Identification of Expressed Retrocopies
Due to the high similarity between retrocopies and their parental genes, we developed two distinct strategies to reliably detect the set of expressed retrocopies: 1) for intragenic retrocopies, we searched for reads reporting chimeric transcripts that merged host genes and their retrocopies; and 2) for all retrocopies (including intragenic retrocopies) we searched for reads with reliable alignments onto the retrocopies. For both, we used the same RNAseq data set from Brawand et al. (2011).
To detect chimeric transcripts, reads from multiple tissues were aligned to their respective genomes using gsnap (Wu and Nacu 2010) (parameters: -t 30; -B 4; –nofails; -A sam; -m 2; -n 1). Next, we selected reads spanning exonic regions from either, host genes or their intragenic retrocopies. Finally, we selected only those alignments with at least five reads supporting the same chimeric event, alignments defining (putative) introns with canonical splice sites (GT-AG) and an alignment quality higher than 40 (Phred scale). To detect all other expressed retrocopies, we constructed a database containing the sequences and the extra regions from the mature transcripts of the parental genes. This database was created to eliminate false-positive alignments from parental genes.

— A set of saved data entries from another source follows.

(* Put m = s * xi with s >= 0 and |xi| = 1, and rotate the plane by
   the conjugate of xi: the three pairs (x,y), (x',y'), (x'',y'') become (s,0) +- c with
   |c| = r, where c = (-r,0) for the radial pair (x',y') and c = (0,-r) for the
   perpendicular pair (x'',y'').  All three pairs have |X - Y| = 2r, so by the
   definition of the Cassinian metric, tau(X,Y) <= tau(X',Y') as soon as every
   value of |X-p||Y-p| (p on the unit circle) is at least some value of
   |X'-p'||Y'-p'|.  Writing Q(c,p) (dist_prod_sq) for the square of that
   product for the pair (s,0) +- c, the
   argument reduces to two real inequalities on the unit circle:
   (1) Q(c,p) >= ((1-s)^2 - r^2)^2, attained by c = (-r,0) at p = (1,0);
   (2) some p satisfies Q(c,p) <= Q((0,-r),q) for every q.
   Inequality (2) is the heart of the proof: we compute the minimum of the
   quadratic q1 |-> Q((0,-r),q) and hit it by shooting a ray from (s,0) in a
   suitably tilted direction. *)

Definition dist_prod_sq (s c1 c2 p1 p2 : R) : R :=
  ((s + c1 - p1)^2 + (c2 - p2)^2) * ((s - c1 - p1)^2 + (- c2 - p2)^2).

Lemma dist_prod_sq_polar s c1 c2 p1 p2 r : c1^2 + c2^2 = r^2 ->
  dist_prod_sq s c1 c2 p1 p2
  = (((p1 - s)^2 + p2^2) + r^2)^2 - 4 * ((p1 - s) * c1 + p2 * c2)^2.
Proof. intros Hc. unfold dist_prod_sq. rewrite <- Hc. ring. Qed.

(* Inequality (1): on the unit circle Q is at least ((1-s)^2 - r^2)^2, by
   Cauchy-Schwarz and |p - (s,0)| >= 1 - s. *)
Lemma dist_prod_sq_lower s r c1 c2 p1 p2 :
  0 <= s -> 0 <= r -> s + r < 1 -> c1^2 + c2^2 = r^2 -> p1^2 + p2^2 = 1 ->
  ((1 - s)^2 - r^2)^2 <= dist_prod_sq s c1 c2 p1 p2.
Proof.
  intros Hs Hr Hsr Hc Hp.
  rewrite (dist_prod_sq_polar _ _ _ _ _ r Hc).
  set (N := (p1 - s)^2 + p2^2).
  assert (Hcs : ((p1 - s) * c1 + p2 * c2)^2 <= N * r^2).
  { unfold N; rewrite <- Hc. pose proof (pow2_ge_0 ((p1 - s) * c2 - p2 * c1)). nra. }
  assert (HN : (1 - s)^2 <= N) by (unfold N; nra).
  assert (HB : 0 <= (1 - s)^2 - r^2) by nra.
  assert ((N - r^2)^2 <= (N + r^2)^2 - 4 * ((p1 - s) * c1 + p2 * c2)^2) by nra.
  assert (((1 - s)^2 - r^2)^2 <= (N - r^2)^2) by nra.
  lra.
Qed.

Lemma dist_prod_sq_perp s r q1 q2 : q1^2 + q2^2 = 1 ->
  dist_prod_sq s 0 (-r) q1 q2 = (1 + s^2 + r^2 - 2 * s * q1)^2 - 4 * r^2 * (1 - q1^2).
Proof.
  intros Hq. replace (1 - q1^2) with (q2^2) by lra.
  transitivity (((s - q1)^2 + r^2 + q2^2)^2 - 4 * r^2 * q2^2);
    [unfold dist_prod_sq; ring | rewrite <- Hq; ring].
Qed.

(* If the vertex of that quadratic lies beyond q1 = 1, its minimum on the
   circle is the value at q = (1,0). *)
Lemma perp_lower_endpoint s r q1 q2 :
  0 <= s -> 2 * (s^2 + r^2) <= s * (1 + s^2 + r^2) -> q1^2 + q2^2 = 1 ->
  ((1 - s)^2 + r^2)^2 <= dist_prod_sq s 0 (-r) q1 q2.
Proof.
  intros Hs Hend Hq. rewrite (dist_prod_sq_perp _ _ _ _ Hq).
  assert (Hq1 : q1 <= 1) by nra.
  assert (0 <= (1 - q1) * (s * (1 + s^2 + r^2) - (s^2 + r^2) * (q1 + 1))).
  { apply Rmult_le_pos; nra. }
  nra.
Qed.

(* Otherwise the vertex u lies in the arc, and with v0 = sqrt(1 - u^2) the
   minimum is the value at (u, v0). *)
Lemma perp_lower_interior s r u v0 q1 q2 :
  0 <= s^2 + r^2 -> 2 * (s^2 + r^2) * u = s * (1 + s^2 + r^2) -> v0^2 = 1 - u^2 ->
  q1^2 + q2^2 = 1 ->
  ((1 - 2 * s * u + s^2) + r^2)^2 - 4 * r^2 * v0^2 <= dist_prod_sq s 0 (-r) q1 q2.
Proof.
  intros HP Hu Hv Hq. rewrite (dist_prod_sq_perp _ _ _ _ Hq), Hv.
  assert (E : (1 + s^2 + r^2 - 2 * s * q1)^2 - 4 * r^2 * (1 - q1^2)
              - (((1 - 2 * s * u + s^2) + r^2)^2 - 4 * r^2 * (1 - u^2))
            = 4 * (s^2 + r^2) * (q1 - u)^2 + 4 * (q1 - u) * (2 * (s^2 + r^2) * u - s * (1 + s^2 + r^2))) by ring.
  rewrite Hu in E.
  assert (0 <= 4 * (s^2 + r^2) * (q1 - u)^2) by (apply Rmult_le_pos; [lra | apply pow2_ge_0]).
  lra.
Qed.

(* The ray from (s,0) with direction cosine e1 meets the unit circle at
   distance l >= 0. *)
Lemma ray_hits_circle s e1 : 0 <= s <= 1 -> e1^2 <= 1 ->
  exists l, 0 <= l /\ l^2 + 2 * s * e1 * l = 1 - s^2.
Proof.
  intros Hs He. set (S := sqrt (s^2 * e1^2 + 1 - s^2)).
  assert (HS : S * S = s^2 * e1^2 + 1 - s^2) by (apply sqrt_sqrt; nra).
  assert (0 <= S) by apply sqrt_pos.
  exists (- s * e1 + S). split; nra.
Qed.

(* The polar form of Q at distance sqrt T from the centre, with projection
   term D, is monotone in T on [r^2, N0] under the stated projection bound. *)
Lemma quartic_bound N0 r v0 T D : 0 < N0 -> r^2 <= T -> T <= N0 -> v0^2 <= N0 ->
  r^2 * v0^2 <= D * N0 ->
  (T + r^2)^2 - 4 * T * D <= (N0 + r^2)^2 - 4 * r^2 * v0^2.
Proof.
  intros HN HT1 HT2 Hv HD.
  assert (E : N0 * ((N0 + r^2)^2 - 4 * r^2 * v0^2) - (N0 * (T + r^2)^2 - 4 * T * r^2 * v0^2)
     = (N0 - T) * (N0 * (N0 + T + 2 * r^2) - 4 * r^2 * v0^2)) by ring.
  assert (0 <= N0 * (N0 + T + 2 * r^2) - 4 * r^2 * v0^2) by nra.
  assert (0 <= (N0 - T) * (N0 * (N0 + T + 2 * r^2) - 4 * r^2 * v0^2)) by nra.
  assert (N0 * ((T + r^2)^2 - 4 * T * D) <= N0 * (T + r^2)^2 - 4 * T * r^2 * v0^2) by nra.
  apply (Rmult_le_reg_l N0); lra.
Qed.

(* A direction e that is steep enough (first condition) and whose projection
   on c is large enough (second condition) produces a circle point where Q is
   below the perpendicular minimum (N0 + r^2)^2 - 4 r^2 v0^2. *)
Lemma ray_witness s r c1 c2 e1 e2 u v0 :
  0 <= s -> 0 <= r -> s + r < 1 -> c1^2 + c2^2 = r^2 -> e1^2 + e2^2 = 1 ->
  s <= u -> u <= 1 -> v0^2 = 1 - u^2 ->
  u - s <= e1 * sqrt (1 - 2 * s * u + s^2) ->
  r^2 * v0^2 <= (e1 * c1 + e2 * c2)^2 * (1 - 2 * s * u + s^2) ->
  exists p1 p2, p1^2 + p2^2 = 1 /\
    dist_prod_sq s c1 c2 p1 p2 <= ((1 - 2 * s * u + s^2) + r^2)^2 - 4 * r^2 * v0^2.
Proof.
  intros Hs Hr Hsr Hc He Hsu Hu1 Hv Hdir Hproj.
  set (N0 := 1 - 2 * s * u + s^2) in *.
  assert (HN0v : N0 = 1 - 2 * s * u + s^2) by reflexivity.
  assert (HN0 : (1 - s)^2 <= N0) by (unfold N0; nra).
  set (L0 := sqrt N0) in *.
  assert (HL0 : L0 * L0 = N0) by (apply sqrt_sqrt; nra).
  assert (HL0p : 0 < L0) by (apply sqrt_lt_R0; nra).
  assert (He1 : 0 <= e1).
  { destruct (Rle_or_lt 0 e1) as [h | h]; [exact h |].
    assert (e1 * L0 < 0) by (apply Rmult_neg_pos; lra). lra. }
  destruct (ray_hits_circle s e1) as [l [Hl0 Hl]]; [lra | nra |].
  assert (He1' : e1 <= 1) by nra.
  assert (Hl1 : 1 - s <= l).
  { assert (s * e1 * l <= s * l) by (apply Rmult_le_compat_r; nra).
    assert (1 <= (l + s)^2) by nra. nra. }
  assert (HlL : l <= L0).
  { destruct (Rle_or_lt l L0) as [h | h]; [exact h | exfalso].
    assert (e1 * L0 <= e1 * l) by (apply Rmult_le_compat_l; lra).
    assert (s * (u - s) <= s * (e1 * l)) by (apply Rmult_le_compat_l; lra).
    assert (L0 * L0 < l * l) by (apply Rmult_le_0_lt_compat; lra). nra. }
  exists (s + l * e1), (l * e2). split; [nra |].
  rewrite (dist_prod_sq_polar _ _ _ _ _ r Hc).
  replace ((s + l * e1 - s)^2 + (l * e2)^2) with (l^2) by nra.
  replace (4 * ((s + l * e1 - s) * c1 + l * e2 * c2)^2)
    with (4 * l^2 * (e1 * c1 + e2 * c2)^2) by ring.
  apply quartic_bound; nra.
Qed.

Lemma rotated_first_coord k g A B : 0 <= k -> 0 <= g -> k^2 + g^2 = 1 -> 0 <= A -> 0 <= B ->
  A^2 + B^2 = 1 -> A <= g -> k <= k * B + g * A.
Proof.
  intros Hk Hg Hkg HA HB HAB HAg.
  assert (E : (k * B + g * A - k) * (1 + B) = A * (g * (1 + B) - k * A)) by nra.
  assert (0 <= A * (g * (1 + B) - k * A)).
  { apply Rmult_le_pos; [lra |]. assert (k * A <= A) by nra. nra. }
  destruct (Rle_or_lt k (k * B + g * A)) as [h | h]; [exact h | exfalso].
  assert ((k * B + g * A - k) * (1 + B) < 0) by (apply Rmult_neg_pos; lra). lra.
Qed.

Lemma tilted_direction_nonneg k g A B : 0 <= k -> 0 <= g -> k^2 + g^2 = 1 ->
  0 <= A -> 0 <= B -> A^2 + B^2 = 1 -> A^2 <= g^2 ->
  exists e1 e2, e1^2 + e2^2 = 1 /\ k <= e1 /\ (e1 * A + e2 * B)^2 = g^2.
Proof.
  intros Hk Hg Hkg HA HB HAB HAg.
  exists (k * B + g * A), (g * B - k * A). repeat split.
  - transitivity ((k^2 + g^2) * (A^2 + B^2)); [ring | rewrite Hkg, HAB; ring].
  - apply rotated_first_coord; nra.
  - transitivity ((g * (A^2 + B^2))^2); [ring | rewrite HAB; ring].
Qed.

Lemma tilted_direction k g a b : 0 <= k -> 0 <= g -> k^2 + g^2 = 1 ->
  a^2 + b^2 = 1 -> a^2 <= g^2 ->
  exists e1 e2, e1^2 + e2^2 = 1 /\ k <= e1 /\ (e1 * a + e2 * b)^2 = g^2.
Proof.
  intros Hk Hg Hkg Hab Hag.
  destruct (tilted_direction_nonneg k g (Rabs a) (Rabs b)) as [e1 [e2 [He [Hke Hproj]]]];
    try apply Rabs_pos; rewrite ?pow2_abs; try assumption.
  destruct (Rle_or_lt 0 a), (Rle_or_lt 0 b);
    rewrite ?(Rabs_pos_eq a), ?(Rabs_pos_eq b), ?(Rabs_left a), ?(Rabs_left b) in Hproj by lra;
    [exists e1, e2 | exists e1, (- e2) | exists e1, (- e2) | exists e1, e2];
    repeat split; try lra; rewrite <- Hproj; ring.
Qed.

Next, we aligned the reads against this database using bowtie2 (Langmead and Salzberg 2012) (version: 2.0.0-beta6, parameter: –end-to-end; -p 63; -M 40; -D 20; -R 4;-N 0; -L 15; -i S,1,0.50; –ignore-quals), and only reads that aligned uniquely in the retrocopy regions (with an alignment quality >40) were selected and used in the expression analysis.
Results
Retrocopies in Primate Genomes
We developed a set of pipelines to identify retrocopies and their parental genes using the reference genome and the known transcriptome for all of the studied species (for further information, see Materials and Methods). Using our computational approach, we identified 57,212 loci originating from the mRNA retrocopies in the seven primates (table 1). For example, we found 7,831 retrocopies in the human genome, of which approximately 91% were also found by the GENCODE consortium or the pseudogene.org database. A similar number of retrocopies (∼7,500, on average) was found in Catarrhini genomes (human, chimpanzee, gorilla, orangutan, and rhesus). In contrast, both Platyrrhini genomes (marmoset and squirrel monkey) presented significantly more retrocopies (∼10,000 events per species), approximately 34% more events than other primates and murine rodents (table 1; P value < 2.2e-16, χ2 = 449; d.f. = 1).
Table 1.
Species | Number of Retrocopies | Number of Parental Genes |
---|---|---|
Human | 7,831 | 2,570 |
Chimpanzee | 7,478 | 2,560 |
Gorilla | 7,706 | 2,669 |
Orangutan | 6,873 | 2,439 |
Rhesus | 7,502 | 2,453 |
Marmoset | 10,465 | 3,067 |
Squirrel monkey | 9,320 | 2,864 |
Mouse | 7,109 | 2,205 |
Rat | 7,364 | 2,114 |
To further investigate the larger number of retrocopies in Platyrrhini genomes, we assessed if additional genomic features accounted for the retrocopies enrichment. Compared with Catarrhini, no significant differences were found in the genomic size, the number of genes, the number of transcripts, or the percentage of the genome composed of repetitive elements (supplementary table S1, Supplementary Material online) and the genome assembly qualities (supplementary table S2, Supplementary Material online). Human, chimpanzee, gorilla, orangutan, and rhesus genomes also exhibited a similar composition of L1 subelements, but marmoset and squirrel monkeys presented an overrepresentation of L1PA7 and L1P3 subelements (fig. 1A). These two L1 subelements correspond to approximately 25% and 5% of the most frequent L1 elements in NWMs genomes, respectively, but they are significantly less frequent in the Catarrhini genomes (fig. 1A), representing only approximately 5% (L1PA7; P value < 2.2e-16, χ2 = 50,809; d.f. = 1) and approximately 1% (L1PA3; P value < 2.2e-16, χ2 = 6,913; d.f. = 1), respectively. To elucidate the differences between L1PA7 in Platyrrhini and Catarrhini, we performed a multiple alignment of L1PA7 ORF2p across all complete elements in the seven primate genomes. Despite some similarities in the Platyrrhini and Catarrhini L1PA7 content (suggesting an ancestral origin), the majority of the L1PA7 copies in Platyrrhini do not resemble the L1PA7 in Catarrhini (fig. 1B), suggesting a putative lineage-specific expansion of this subelement. Despite the higher content of L1PA7 and L1P3 in the NWMs compared with the OWMs, future studies should be conducted to confirm the contribution of these elements to the larger number of retrocopies in the NWM genomes.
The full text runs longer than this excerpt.